Problem: From the line with "have Zinv : Z1 (inv y - b *~ (- k))." to the last line of the data below, repeat every line exactly and add nothing.

Stored entries:
Lemma plus_cyclic_sq_sub_center y : plus_cyclic L c y -> Z1 y.
Proof. exact: (plus_cyclic_sub (ideal_sub_center hL) hZ1' (Z2b b).1). Qed.

Lemma plus_cyclic_sub_center2 y : Jb y -> Z2 y.
Proof. exact: (plus_cyclic_sub (ideal_sub_center hZ1) hZ2' Z2b). Qed.

Lemma star_plus_cyclic y w k m :
  Z1 (y - b *~ k) -> Z1 (w - b *~ m) -> star y w = c *~ (m * k) %[in L].
Proof.
move=> Zy Zw; apply: (eqmod_trans hL' (star_eqmodl_center hL w Zy)).
apply: (eqmod_trans hL' (star_mulrzl_center2 _ _ Z2b)).
rewrite mulrzA; apply: (eqmodMz hL'); rewrite /eqmod -raddfMz -raddfB /=.
exact: (Zw b).2.
Qed.

Lemma plus_cyclic_center2_ideal : is_ideal mul one inv Jb.
Proof.
apply: ideal_of_star_absorbing; first exact: (plus_cyclic_subgroup hZ1').
move=> a z /plus_cyclic_sub_center2 /(_ a) [Zza Zaz].
by split; apply: mem_plus_cyclic.
Qed.

Lemma plus_cyclic_sq_ideal_of : is_ideal_of mul one inv Jb Ib.
Proof.
have Ib_of_eqmod y j : y = c *~ j %[in L] -> Ib y.
  by move=> Lyj; apply: mem_plus_cyclic; exists j.
have Z1_of_Ib y : Ib y -> exists k, Z1 (y - b *~ k).
  by case=> k /plus_cyclic_sq_sub_center; exists k.
split.
- by move=> z; apply: plus_cyclic_mono; apply: plus_cyclic_sq_sub_center.
- apply: subbrace_of_star_closed => [|y z /Z1_of_Ib[k Zy] /Z1_of_Ib[m Zz] | y Iy].
  + exact: (plus_cyclic_subgroup hLc).
  + exact: (Ib_of_eqmod _ _ (star_plus_cyclic Zy Zz)).
  + have [k Zy] := Z1_of_Ib _ Iy.
    have Jy := plus_cyclic_mono plus_cyclic_sq_sub_center Iy.
    have Zs : Z1 (star y (inv y)) := (plus_cyclic_sub_center2 Jy (inv y)).1.
    have Zinv : Z1 (inv y - b *~ (- k)).
      rewrite inv_star; set s := star y (inv y).
      have -> : - y - s - b *~ - k = - (y - b *~ k) - s.
        by rewrite mulrNz opprK (opprB y) addrAC (addrC (- y)).
      exact: (subgroupB hZ1' (subgroupN hZ1' Zy) Zs).
    exact: (Ib_of_eqmod _ _ (star_plus_cyclic Zy Zinv)).
- move=> a z [k Za] /Z1_of_Ib[m Zz].
  by split; apply: Ib_of_eqmod; apply: star_plus_cyclic; eassumption.
Qed.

Problem solution:
    have Zinv : Z1 (inv y - b *~ (- k)).
      rewrite inv_star; set s := star y (inv y).
      have -> : - y - s - b *~ - k = - (y - b *~ k) - s.
        by rewrite mulrNz opprK (opprB y) addrAC (addrC (- y)).
      exact: (subgroupB hZ1' (subgroupN hZ1' Zy) Zs).
    exact: (Ib_of_eqmod _ _ (star_plus_cyclic Zy Zinv)).
- move=> a z [k Za] /Z1_of_Ib[m Zz].
  by split; apply: Ib_of_eqmod; apply: star_plus_cyclic; eassumption.
Qed.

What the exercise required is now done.